# Using 120/208V cable to 347/600V Receptacle???



## SWDweller (Dec 9, 2020)

Lower voltages are usually compliant.

Ton more questions arise considering the lack of information in the post.


----------



## Almost Retired (Sep 14, 2021)

do they actually plan to power 347/600 equipment?
are they completely finished and not waiting on a step up transformer ?

if they are your customer, how did the wiring take place without you?
did someone forget to tell you what the deal was?
does it actually affect what your job is ? or are you just curious?


----------



## Etwo (Mar 22, 2021)

SWDweller said:


> Lower voltages are usually compliant.
> 
> Ton more questions arise considering the lack of information in the post.


It is compliant but is it code compliance?, we dnt have 347/600V in the USA


----------



## Almost Retired (Sep 14, 2021)

Etwo said:


> It is compliant but is it code compliance?, we dnt have 347/600V in the USA


compliant with what ?
the code is the only compliance that matters


----------



## Etwo (Mar 22, 2021)

Almost Retired said:


> do they actually plan to power 347/600 equipment?
> are they completely finished and not waiting on a step up transformer ?
> 
> if they are your customer, how did the wiring take place without you?
> ...


No transformer, they been using it like that for quite a while, I am new here,. I just found out for new job they want


----------



## Etwo (Mar 22, 2021)

Almost Retired said:


> compliant with what ?
> the code is the only compliance that matters


I thought the NEC code required to match voltage with receptacle


----------



## Almost Retired (Sep 14, 2021)

Etwo said:


> I thought the NEC code required to match voltage with receptacle


i thought that was what you meant, but you didnt state it that way

if this is inside a plant, then there are no inspections or inspectors involved
if the plant chooses, they can be their own inspector

the question you have to ask your self is this ....
is it actually unsafe? ... will it cause me or anyone else harm?

if there is no 347/600 supply or machinery requiring it
then of course all they are doing is using over rated plugs and receptacles

some idiot in the office probably thought it was a good idea to use higher voltage ratings
instead of using the correct voltage and increasing the amperage rating of the plugs and receptacles

so of course they have gained nothing except to waste money (typical of office ppl)
another possibility is that the decision maker never checked to see what voltage was actually being used and just assumed .......

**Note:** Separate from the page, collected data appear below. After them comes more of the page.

(* Let $k$ be a positive integer. If $T$ is a semi-complete digraph with $n$ vertices that admits an ordering of cost at most $k$, then the number of $(4k)^{2/3}$-cuts of $T$ is at most $$A\cdot\exp\Bigl(2C\,(4k)^{1/3}\sqrt{1+\ln\bigl(2(4k)^{2/3}\bigr)}\Bigr)\cdot(n+1),$$ where $C=\pi\sqrt{2/3}$ and $A$ is a constant such that $p(m)\le\frac{A}{m+1}\exp(C\sqrt{m})$ for all integers $m\ge0$.
   Context: A simple digraph (no loops, no multiple arcs) $T$ is semi-complete if for every pair of distinct vertices $v,w$ at least one of $(v,w),(w,v)$ is an arc. The cost of an ordering $(v_1,\dots,v_n)$ of $V(T)$ is $\sum_{(v_i,v_j)\in E(T),\,i>j}(i-j)$. For real $d\ge 0$, a $d$-cut of a digraph $T$ is an ordered partition $(X,Y)$ of $V(T)$ (either part may be empty) such that there are at most $d$ arcs $(u,v)\in E(T)$ with $u\in Y$ and $v\in X$. $p(m)$ denotes the number of partitions of the integer $m$; such $A$ exists by the Hardy–Ramanujan estimate. *)

From Stdlib Require Import Reals.
From mathcomp Require Import all_boot fingroup perm.
Set Implicit Arguments. Unset Strict Implicit. Unset Printing Implicit Defensive.

(* A digraph on vertex set 'I_n is given by its arc relation T : rel 'I_n
   ((u,v) is an arc iff T u v). Multiple arcs are excluded by construction. *)

Definition loopless (n : nat) (T : rel 'I_n) : Prop := forall v, ~~ T v v.

Definition semi_complete (n : nat) (T : rel 'I_n) : Prop :=
  forall v w : 'I_n, v != w -> T v w || T w v.

(* An ordering (v_1,...,v_n) is a bijection s : positions -> vertices,
   v_{i+1} = s i.  Cost = sum over arcs (v_i,v_j) with i > j of (i - j). *)
Definition cost (n : nat) (T : rel 'I_n) (s : {perm 'I_n}) : nat :=
  \sum_(i < n) \sum_(j < n | (j < i) && T (s i) (s j)) (i - j).

Definition back_arcs (n : nat) (T : rel 'I_n) (X : {set 'I_n}) : nat :=
  #|[set uv : 'I_n * 'I_n | [&& uv.1 \notin X, uv.2 \in X & T uv.1 uv.2]]|.

Definition is_dcut (n : nat) (T : rel 'I_n) (d : R) (X : {set 'I_n}) : Prop :=
  Rle (INR (back_arcs T X)) d.

(* number of d-cuts: ordered partitions (X,Y) are determined by X *)
Definition num_dcuts (n : nat) (T : rel 'I_n) (d : R) : nat :=
  #|[set X : {set 'I_n} | if Rle_dec (INR (back_arcs T X)) d then true else false]|.

(* p(m): number of partitions of m, counted via multiplicity vectors:
   c i = number of parts equal to i+1, with sum (i+1) * c i = m.
   (each c i <= m, so 'I_(m.+1) loses nothing) *)
Definition npartitions (m : nat) : nat :=
  #|[set c : {ffun 'I_m -> 'I_m.+1} | \sum_(i < m) i.+1 * c i == m]|.

Local Open Scope R_scope.
Definition Cconst : R := PI * sqrt (2 / 3).

Definition cut_bound (A : R) (k n : nat) : R :=
  A * exp (2 * Cconst * Rpower (4 * INR k) (1 / 3)
            * sqrt (1 + ln (2 * Rpower (4 * INR k) (2 / 3))))
     * INR (n + 1).

Definition dthr (k : nat) : R := Rpower (4 * INR k) (2 / 3).

Definition HR_constant (A : R) : Prop :=
  forall m : nat, INR (npartitions m) <= A / INR (m + 1) * exp (Cconst * sqrt (INR m)).

From Stdlib Require Import Reals Lra Psatz ZArith.
From mathcomp Require Import all_boot fingroup perm.
Set Implicit Arguments. Unset Strict Implicit. Unset Printing Implicit Defensive.

(* Fix such an ordering s and put t = (4k)^(1/3), so the threshold is t^2.
   An inversion of a vertex set X is a pair of positions q < p with s q
   outside X and s p inside X.
   1. Encoding.  For each inside position p count the outside positions
      before p.  The multiplicities of the positive counts form a partition of
      the number of inversions of X, and together with the number of zero
      counts they determine X.  So the sets with at most M inversions number
      at most (n+1) * sum_(m <= M) p(m).
   2. Few inversions.  An inversion is a back arc (at most t^2 of them for a
      cut), or its vertices are joined by an arc pointing backwards in the
      ordering, so its gap is paid for in the cost.  Inversions with gap <= h
      number at most h*r, where r^2 <= 2 * #inversions bounds each class of
      equal gap; with h = floor(t/2) every cut has at most 3 t^2 inversions.
   3. Analysis.  The Hardy-Ramanujan hypothesis on p(m) and the inequality
      (x+1) exp(C sqrt x) <= exp(2 C t sqrt(1 + ln(2 t^2))) for x <= 3 t^2
      turn the count of step 1 into the claimed bound. *)

Lemma card_filter_sum (U : finType) (P Q : pred U) :
  #|[set x | P x && Q x]| = \sum_(x | P x) (Q x : nat).
Proof.
rewrite -sum1_card big_mkcond [RHS]big_mkcond; apply: eq_bigr => x _.
by rewrite inE; case: (P x); case: (Q x).
Qed.

Lemma sum_weighted_indicator (N x : nat) : x < N -> \sum_(v < N) v * (x == v) = x.
Proof.
move=> hx; rewrite (bigD1 (Ordinal hx)) //= eqxx muln1 big1 ?addn0 // => v hv.
suff -> : (x == v) = false by rewrite muln0.
by apply: contraNF hv => /eqP e; apply/eqP/val_inj.
Qed.

Lemma sum_over_pairs (U : finType) (F : U * U -> nat) :
  \sum_(x : U * U) F x = \sum_(i : U) \sum_(j : U) F (i, j).
Proof. by rewrite pair_bigA; apply: eq_bigr => -[]. Qed.

Section Encoding.
Variables (n : nat) (s : {perm 'I_n}).

Definition outside_before (X : {set 'I_n}) (p : 'I_n) : nat :=
  #|[set q : 'I_n | (q < p) && (s q \notin X)]|.

Definition inversions (X : {set 'I_n}) : nat :=
  \sum_(p | s p \in X) outside_before X p.

Definition level (X : {set 'I_n}) (v : nat) : nat :=
  #|[set p : 'I_n | (s p \in X) && (outside_before X p == v)]|.

Lemma outside_before_prefix (X X' : {set 'I_n}) (p : 'I_n) :
  (forall q : 'I_n, q < p -> (s q \in X) = (s q \in X')) ->
  outside_before X p = outside_before X' p.
Proof.
move=> H; apply: eq_card => q; rewrite !inE.
by case hq: (q < p) => //=; rewrite H.
Qed.

Lemma outside_before_lt (X : {set 'I_n}) (p q : 'I_n) :
  p < q -> s p \notin X -> outside_before X p < outside_before X q.
Proof.
move=> hpq hp; apply: proper_card; apply/properP; split.
  apply/subsetP => r; rewrite !inE => /andP[hr ->]; by rewrite (ltn_trans hr hpq).
by exists p; rewrite !inE ?hpq ?hp // ltnn.
Qed.

Lemma level_first_difference (X X' : {set 'I_n}) (p : 'I_n) :
  (forall q : 'I_n, q < p -> (s q \in X) = (s q \in X')) ->
  s p \in X -> s p \notin X' ->
  level X' (outside_before X p) < level X (outside_before X p).
Proof.
move=> H hX hX'; apply: proper_card; apply/properP; split.
  apply/subsetP => q; rewrite !inE => /andP[hq /eqP hv].
  case: (ltngtP q p) => hqp.
  - rewrite H // hq /= (@outside_before_prefix X X' q) ?hv //.
    by move=> r hr; apply: H; apply: ltn_trans hr hqp.
  - have := outside_before_lt hqp hX'.
    by rewrite hv (outside_before_prefix H) ltnn.
  - by move: hq; rewrite (val_inj hqp) (negbTE hX').
exists p; first by rewrite inE hX eqxx.
by rewrite inE (negbTE hX').
Qed.

(* A set is determined by its levels: compare them at the first position
   where two sets differ. *)
Lemma level_inj (X X' : {set 'I_n}) : (forall v, level X v = level X' v) -> X = X'.
Proof.
move=> Hl.
case: (pickP [pred p | (s p \in X) != (s p \in X')]) => [p0 hp0|hnone]; last first.
  apply/setP => x; have := hnone (s^-1 x)%g; rewrite /= permKV.
  by move/negbT; rewrite negbK => /eqP.
case: (arg_minnP (fun p : 'I_n => (p : nat)) hp0) => p hp hmin.
have Hq : forall q : 'I_n, q < p -> (s q \in X) = (s q \in X').
  move=> q hq; apply/eqP; apply: contraTT hq => hq; rewrite -leqNgt; exact: hmin.
move: hp; rewrite /=; case hpX: (s p \in X); case hpX': (s p \in X') => //= _.
- by have := level_first_difference Hq hpX (negbT hpX'); rewrite Hl ltnn.
- have Hq' : forall q : 'I_n, q < p -> (s q \in X') = (s q \in X).
    by move=> q hq; rewrite Hq.
  by have := level_first_difference Hq' hpX' (negbT hpX); rewrite Hl ltnn.
Qed.

Lemma outside_before_le_inversions (X : {set 'I_n}) (p : 'I_n) :
  s p \in X -> outside_before X p <= inversions X.
Proof. by move=> h; rewrite /inversions (bigD1 p) //= leq_addr. Qed.

Lemma level_le_inversions (X : {set 'I_n}) (v : nat) : 0 < v -> level X v <= inversions X.
Proof.
move=> hv; rewrite /level (card_filter_sum (fun p => s p \in X)) /inversions.
by apply: leq_sum => p _; case: eqP => [->|]; rewrite ?leq0n.
Qed.

Lemma level_gt_inversions (X : {set 'I_n}) (v : nat) : inversions X < v -> level X v = 0.
Proof.
move=> hv; apply/eqP; rewrite cards_eq0; apply/eqP/setP => p; rewrite !inE.
case hp: (s p \in X) => //=; apply/negbTE; rewrite neq_ltn.
by rewrite (leq_ltn_trans (outside_before_le_inversions hp) hv).
Qed.

Lemma sum_levels (X : {set 'I_n}) (N : nat) :
  (forall p, s p \in X -> outside_before X p < N) ->
  \sum_(v < N) v * level X v = inversions X.
Proof.
move=> H.
under eq_bigr => v _ do
  rewrite /level (card_filter_sum (fun p => s p \in X)) big_distrr.
rewrite exchange_big /inversions; apply: eq_bigr => p hp.
exact: sum_weighted_indicator (H p hp).
Qed.

Definition partition_code (m : nat) (X : {set 'I_n}) : {ffun 'I_m -> 'I_m.+1} :=
  [ffun i : 'I_m => inord (level X i.+1)].

(* The code stores the positive levels exactly, as they never exceed m. *)
Lemma partition_codeK (m : nat) (X : {set 'I_n}) (i : 'I_m) :
  inversions X = m -> partition_code m X i = level X i.+1 :> nat.
Proof.
move=> hm; rewrite ffunE inordK // ltnS.
by apply: leq_trans (level_le_inversions X (ltn0Sn i)) _; rewrite hm.
Qed.

Lemma partition_code_mem (m : nat) (X : {set 'I_n}) : inversions X = m ->
  partition_code m X \in
    [set c : {ffun 'I_m -> 'I_m.+1} | \sum_(i < m) i.+1 * c i == m].
Proof.
move=> hm; rewrite inE.
under eq_bigr => i _ do rewrite partition_codeK //.
have := @sum_levels X m.+1; rewrite big_ord_recl mul0n add0n => -> //.
  by rewrite hm.
by move=> p hp; rewrite ltnS -hm; exact: outside_before_le_inversions.
Qed.

Lemma partition_code_inj (m : nat) (X X' : {set 'I_n}) :
  inversions X = m -> inversions X' = m -> level X 0 = level X' 0 ->
  partition_code m X = partition_code m X' -> X = X'.
Proof.
move=> hX hX' h0 he; apply: level_inj => -[//|v].
case: (ltnP v m) => hv; last by rewrite !level_gt_inversions // ?hX ?hX' ltnS.
have := congr1 (fun f : {ffun 'I_m -> 'I_m.+1} => (f (Ordinal hv) : nat)) he.
by rewrite !partition_codeK.
Qed.

Lemma card_fiber_le_partitions (S : {set {set 'I_n}}) (a m : nat) :
  #|[set X in S | (level X 0 == a) && (inversions X == m)]| <= npartitions m.
Proof.
rewrite /npartitions -(card_in_imset (f := partition_code m)).
  apply: subset_leq_card; apply/subsetP => c /imsetP[X hX ->].
  by move: hX; rewrite !inE => /and3P[_ _ /eqP /partition_code_mem]; rewrite inE.
move=> X X'; rewrite !inE => /and3P[_ /eqP ha /eqP hm] /and3P[_ /eqP ha' /eqP hm'].
by apply: partition_code_inj; rewrite ?hm ?hm' ?ha ?ha'.
Qed.

Lemma card_le_partition_sums (S : {set {set 'I_n}}) (M : nat) :
  (forall X, X \in S -> inversions X <= M) ->
  #|S| <= n.+1 * \sum_(m < M.+1) npartitions m.
Proof.
move=> HM.
apply: (@leq_trans (\sum_(X in S) \sum_(a < n.+1) \sum_(m < M.+1)
          ((level X 0 == a) && (inversions X == m) : nat))).
  rewrite -sum1_card; apply: leq_sum => X hX.
  have ha : level X 0 < n.+1
    by rewrite ltnS -[X in _ <= X](card_ord n) max_card.
  have hm : inversions X < M.+1 by rewrite ltnS HM.
  rewrite (bigD1 (Ordinal ha)) //= (bigD1 (Ordinal hm)) //= !eqxx /=.
  by rewrite -addnA leq_addr.
rewrite exchange_big -[n.+1 in X in _ <= X]card_ord -sum_nat_const.
apply: leq_sum => a _; rewrite exchange_big /=; apply: leq_sum => m _.
rewrite -card_filter_sum; exact: card_fiber_le_partitions.
Qed.

End Encoding.

Section InversionPairs.
Variables (n : nat) (s : {perm 'I_n}) (T : rel 'I_n) (X : {set 'I_n}).

Definition inversion_pairs : {set 'I_n * 'I_n} :=
  [set qp : 'I_n * 'I_n | [&& qp.1 < qp.2, s qp.1 \notin X & s qp.2 \in X]].

Definition gap (qp : 'I_n * 'I_n) : nat := qp.2 - qp.1.

Definition back_pairs : {set 'I_n * 'I_n} :=
  [set qp in inversion_pairs | T (s qp.1) (s qp.2)].

Definition backward_pairs : {set 'I_n * 'I_n} :=
  [set qp in inversion_pairs | ~~ T (s qp.1) (s qp.2)].

Definition far_backward_pairs (h : nat) : {set 'I_n * 'I_n} :=
  [set qp in inversion_pairs | ~~ T (s qp.1) (s qp.2) && (h < gap qp)].

Definition gap_class (l : nat) : {set 'I_n * 'I_n} :=
  [set qp in inversion_pairs | gap qp == l].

if you are contracting in that mill and they ask you to do something you consider unsafe
you have two choices:
A) do what they ask and get paid, but dont forget the possible liability down the road
B) refuse and walk away

if you are an employee of that mill, you have the same two choices

what does the EE in your avatar stand for?
hopefully not Electrical Engineer
if it is, you should already know the answer


----------



## Etwo (Mar 22, 2021)

Almost Retired said:


> i thought that was what you meant, but you didnt state it that way
> 
> if this is inside a plant, then there are no inspections or inspectors involved
> if the plant chooses, they can be their own inspector
> ...


That’s my understanding too. Thanks.

You are right EE is Electrical Engineer


----------



## Almost Retired (Sep 14, 2021)

so you are the new EE for this mill?
how many years since you got your degree?


----------



## Breakfasteatre (Sep 8, 2009)

How is it possible? Is it safe? Are these real questions?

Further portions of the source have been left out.